Both questionnaires take about three minutes to complete. They were created as companions to Manuel's new study released today, which identifies four main "health behaviour risks" — smoking, physical inactivity, poor diet and alcohol consumption — as being responsible for sending Ontarians to hospital for more than 900,000 days a year.

"All these behaviours really affect a lot of the reasons why you're in hospital, or at least they affect your length of stay," said Manuel, the lead author of the paper, which was jointly produced by ICES and the Ontario Hospital Research Institutes.

The behaviours also result in a life that's potentially robbed of some quality, he said.

Using the hypothetical example of a 54-year-old Ontarian who hits all four unhealthy risk behaviours, Manuel said that person would likely require the same amount of hospital care as a 75-year-old who doesn’t engage in any of the risk behaviours.

"We know for a lot of people, [length of stay in hospital] doesn’t mean much," Manuel said. "But when you present it in this way, with a 20-year gap as an age equivalent, it’s easier to understand."

He noted that while other studies have looked separately at the health effects of the four health risk behaviours, "now we look at all the risk factors together."

Just 7.2% had no health behaviour risks

Manuel's 900,000 Hospital Days study found that nearly 93 per cent of the 79,300 Ontario health profiles analyzed had at least one of the health behaviour risks.

'We need to create an environment that actively makes it easier for Ontarians to live healthier lives, regardless of their income and where they live, work, study or play.' - Larry Stinson, president of the Ontario Public Health Association

Only 7.2 per cent of the respondents had none of the health behaviour risks.

It all makes for a troubling "economic burden" on Ontario’s health system, Manuel said, who was surprised to learn what the costs of unhealthy living and hospitalizations could be.

"We estimated about $1.8 billion of hospital use, or basically one-third of people in hospital, are there because of unhealthy living," he said. "That, for us, was the biggest eye-opener."

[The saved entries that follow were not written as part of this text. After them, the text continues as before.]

(* Let $\epsilon>0$. Then, unconditionally, for every complex $s$ with $\Re(s)>1$, $$\int_0^1 f_\epsilon(u)\,u^{s-1}\,du = \frac{1}{\zeta(1+\epsilon)}\,\frac{1}{s-1} - \frac{1}{\zeta(s+\epsilon)}\,\frac{\zeta(s)}{s}.$$
   Context: $\mu$ is the Möbius function and $\zeta$ the Riemann zeta function. For real $x$, $\{x\}=x-[x]$ denotes the fractional part. For $\epsilon>0$, $f_\epsilon$ is the function on $(0,\infty)$ defined pointwise by $f_\epsilon(t)=\sum_{n=1}^\infty \frac{\mu(n)}{n^\epsilon}\left\{\frac1{nt}\right\}$ (absolutely convergent since $\{1/nt\}\le 1/nt$); it satisfies $|f_\epsilon(t)|\le \zeta(1+\epsilon)/t$. *)

From Stdlib Require Import Reals.
From Coquelicot Require Import Coquelicot.
From mathcomp Require Import ssreflect ssrbool eqtype ssrnat seq prime.

Open Scope R_scope.

(* Moebius function mu(n) for n >= 1 (value 0 at n = 0, never used):
   mu(n) = (-1)^k if n is a product of k distinct primes, 0 otherwise. *)
Definition mobius (n : nat) : R :=
  if n == 0%nat then 0
  else if all (fun p => logn p n == 1%nat) (primes n)
       then (-1) ^ (size (primes n))
       else 0.

(* Complex power x^z := exp(z log x) for real x > 0 and complex z. *)
Definition cpowR (x : R) (z : C) : C :=
  (exp (Re z * ln x) * cos (Im z * ln x), exp (Re z * ln x) * sin (Im z * ln x)).

(* Riemann zeta function on Re s > 1, as the Dirichlet series sum_{n>=1} n^{-s}
   (real and imaginary parts summed separately). *)
Definition zeta (s : C) : C :=
  (Series (fun k => Re (cpowR (INR (S k)) (Copp s))),
   Series (fun k => Im (cpowR (INR (S k)) (Copp s)))).

Definition f_eps (eps t : R) : R :=
  Series (fun k => mobius (S k) / Rpower (INR (S k)) eps * frac_part (/ (INR (S k) * t))).

(** For [u > 0] and [N + 1 >= 1/u], counting lattice points under the hyperbola
    [m n u <= 1] turns the fractional parts into a finite sum:
      [f_eps(u) = c/u - sum_(m n <= 1/u) mu(m) m^-eps],  [c = sum_n mu(n) n^(-1-eps)].
    Integrating against [u^(s-1)] over [[a, 1]] therefore gives
      [c (1 - a^(s-1)) / (s-1) - (1/s) sum_(m n <= 1/a) mu(m) m^-eps ((m n)^-s - a^s)],
    and Rankin's trick shows that this double sum differs from the partial products
    [(sum_(m <= N) mu(m) m^-(s+eps)) (sum_(n <= N) n^-s)] by [O(a^(Re s - t))] for any
    [1 < t < Re s].  Letting [N -> oo] and then [a -> 0] gives the formula, once
    [sum_n mu(n) n^-z = 1/zeta(z)]; that identity comes from the same hyperbola estimate
    with [a = 1/(N+1)], the terms with [m n <= N + 1] summing to [1] by Moebius inversion. *)

Set Warnings "-notation-overridden -ambiguous-paths -hiding-delimiting-key -redundant-canonical-projection".
From Stdlib Require Import Reals Lra Lia ZArith.
From Coquelicot Require Import Coquelicot.
From HB Require Import structures.
From mathcomp Require Import ssreflect ssrbool ssrfun eqtype ssrnat seq div bigop prime.
From mathcomp Require Import zify.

The study also found that:

  • 32 per cent of hospital bed use between 2001 and 2012 could be attributed to smoking, physical inactivity, poor diet and unhealthy alcohol consumption.
  • In 2011, these unhealthy behaviours accounted for the use of 942,000 hospital bed days (a single measure which combines the number of hospitalization and total length of hospital stay).
  • Smoking had the greatest effect on hospital use (17 per cent), followed by physical inactivity (12 per cent) and poor diet (six per cent).

The 900,000 Days in Hospital report was based on data compiled from Statistics Canada phone surveys from 2001 until 2012. The respondents who agreed to share their OHIP information were followed for up to seven years after completing their surveys.

The life-expectancy calculator was created using the results of the report.

Larry Stinson, president of the Ontario Public Health Association, which commissioned the 900,000 Days in Hospital study, said in a release that the new report shows clear benefits of healthy living.

"Unfortunately, fixing this rather large problem is not as easy as people simply deciding to make healthier choices," he said. "We need to create an environment that actively makes it easier for Ontarians to live healthier lives, regardless of their income and where they live, work, study or play."

The study did not include an overall margin of error.